■ **TASK REQUIREMENTS**
Could you report every line from the entries that includes the word "addb"?

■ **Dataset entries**

- - - - - - -

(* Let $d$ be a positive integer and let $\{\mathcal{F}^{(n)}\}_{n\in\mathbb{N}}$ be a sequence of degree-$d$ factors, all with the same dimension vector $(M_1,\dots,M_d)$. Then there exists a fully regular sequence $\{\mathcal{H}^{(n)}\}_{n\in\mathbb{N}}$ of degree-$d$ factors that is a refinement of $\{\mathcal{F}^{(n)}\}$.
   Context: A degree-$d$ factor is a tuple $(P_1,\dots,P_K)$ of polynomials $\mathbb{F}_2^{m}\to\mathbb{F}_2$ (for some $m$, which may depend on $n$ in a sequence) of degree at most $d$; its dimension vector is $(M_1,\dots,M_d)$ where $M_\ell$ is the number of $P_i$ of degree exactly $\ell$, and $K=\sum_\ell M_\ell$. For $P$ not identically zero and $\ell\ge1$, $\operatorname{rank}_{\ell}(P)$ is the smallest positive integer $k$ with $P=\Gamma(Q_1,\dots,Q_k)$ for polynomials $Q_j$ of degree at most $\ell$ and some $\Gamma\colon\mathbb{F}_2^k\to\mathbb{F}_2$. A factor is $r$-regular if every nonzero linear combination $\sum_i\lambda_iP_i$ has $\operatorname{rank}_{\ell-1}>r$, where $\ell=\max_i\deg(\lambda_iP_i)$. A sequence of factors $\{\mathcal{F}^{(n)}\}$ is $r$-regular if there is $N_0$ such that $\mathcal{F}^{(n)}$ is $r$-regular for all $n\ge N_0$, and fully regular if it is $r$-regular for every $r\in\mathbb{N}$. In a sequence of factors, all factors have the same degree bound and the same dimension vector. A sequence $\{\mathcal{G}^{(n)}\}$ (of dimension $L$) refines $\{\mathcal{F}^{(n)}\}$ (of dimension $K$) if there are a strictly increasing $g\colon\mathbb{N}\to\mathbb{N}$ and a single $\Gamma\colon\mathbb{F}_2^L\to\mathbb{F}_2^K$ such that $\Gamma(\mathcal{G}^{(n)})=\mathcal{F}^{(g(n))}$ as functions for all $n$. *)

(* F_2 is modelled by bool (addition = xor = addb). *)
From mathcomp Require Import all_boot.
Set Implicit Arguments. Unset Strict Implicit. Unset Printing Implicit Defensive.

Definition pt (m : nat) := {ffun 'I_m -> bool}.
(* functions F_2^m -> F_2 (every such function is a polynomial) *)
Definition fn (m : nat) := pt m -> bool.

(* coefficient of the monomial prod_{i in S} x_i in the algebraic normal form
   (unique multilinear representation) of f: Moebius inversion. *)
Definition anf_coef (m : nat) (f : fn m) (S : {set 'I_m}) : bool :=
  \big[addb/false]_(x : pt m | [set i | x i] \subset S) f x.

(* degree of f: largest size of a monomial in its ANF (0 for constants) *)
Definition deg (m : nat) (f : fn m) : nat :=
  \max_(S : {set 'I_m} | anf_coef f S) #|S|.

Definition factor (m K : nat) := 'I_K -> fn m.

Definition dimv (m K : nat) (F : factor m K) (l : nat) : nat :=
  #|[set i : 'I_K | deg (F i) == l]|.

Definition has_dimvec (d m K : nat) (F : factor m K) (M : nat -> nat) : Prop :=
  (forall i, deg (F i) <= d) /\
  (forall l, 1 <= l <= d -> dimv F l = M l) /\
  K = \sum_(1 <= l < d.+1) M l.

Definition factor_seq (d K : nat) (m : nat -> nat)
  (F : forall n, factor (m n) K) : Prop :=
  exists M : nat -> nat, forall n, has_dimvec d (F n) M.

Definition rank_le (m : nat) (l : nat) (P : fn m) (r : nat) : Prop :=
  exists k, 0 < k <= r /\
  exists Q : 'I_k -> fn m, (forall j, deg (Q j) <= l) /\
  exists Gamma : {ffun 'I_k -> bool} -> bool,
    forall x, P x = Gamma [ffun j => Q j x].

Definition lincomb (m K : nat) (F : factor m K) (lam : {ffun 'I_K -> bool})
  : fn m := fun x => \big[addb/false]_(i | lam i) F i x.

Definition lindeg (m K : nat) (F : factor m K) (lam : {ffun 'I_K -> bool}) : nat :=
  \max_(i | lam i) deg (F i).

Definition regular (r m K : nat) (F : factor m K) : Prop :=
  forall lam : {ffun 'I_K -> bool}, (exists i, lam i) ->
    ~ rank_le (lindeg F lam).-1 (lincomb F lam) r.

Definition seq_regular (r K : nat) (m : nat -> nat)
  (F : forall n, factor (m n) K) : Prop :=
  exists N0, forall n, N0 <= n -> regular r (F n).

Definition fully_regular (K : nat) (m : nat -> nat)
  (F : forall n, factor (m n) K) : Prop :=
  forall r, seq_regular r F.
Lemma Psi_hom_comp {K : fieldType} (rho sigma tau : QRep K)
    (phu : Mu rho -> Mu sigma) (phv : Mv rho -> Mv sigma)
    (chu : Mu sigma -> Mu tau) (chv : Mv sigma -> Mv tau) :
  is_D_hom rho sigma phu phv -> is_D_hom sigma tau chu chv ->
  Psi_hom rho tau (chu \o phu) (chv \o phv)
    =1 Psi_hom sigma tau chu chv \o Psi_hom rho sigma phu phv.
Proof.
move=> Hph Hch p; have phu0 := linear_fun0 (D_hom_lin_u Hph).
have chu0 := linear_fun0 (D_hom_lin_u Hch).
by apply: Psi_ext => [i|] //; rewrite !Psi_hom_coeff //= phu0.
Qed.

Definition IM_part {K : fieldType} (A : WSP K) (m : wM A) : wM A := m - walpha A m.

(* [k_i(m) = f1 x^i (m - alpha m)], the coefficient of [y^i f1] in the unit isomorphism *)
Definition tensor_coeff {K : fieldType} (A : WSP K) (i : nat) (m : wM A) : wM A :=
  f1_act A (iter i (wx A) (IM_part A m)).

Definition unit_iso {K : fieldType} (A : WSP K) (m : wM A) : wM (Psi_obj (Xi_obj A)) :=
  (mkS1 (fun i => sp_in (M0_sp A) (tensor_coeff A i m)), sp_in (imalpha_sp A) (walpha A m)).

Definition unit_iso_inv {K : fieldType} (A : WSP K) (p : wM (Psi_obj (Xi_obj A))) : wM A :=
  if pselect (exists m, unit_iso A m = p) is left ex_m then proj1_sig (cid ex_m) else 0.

- - - - - - -

■ **SOLUTION FOR THIS TASK**
(* F_2 is modelled by bool (addition = xor = addb). *)
  \big[addb/false]_(x : pt m | [set i | x i] \subset S) f x.
  : fn m := fun x => \big[addb/false]_(i | lam i) F i x.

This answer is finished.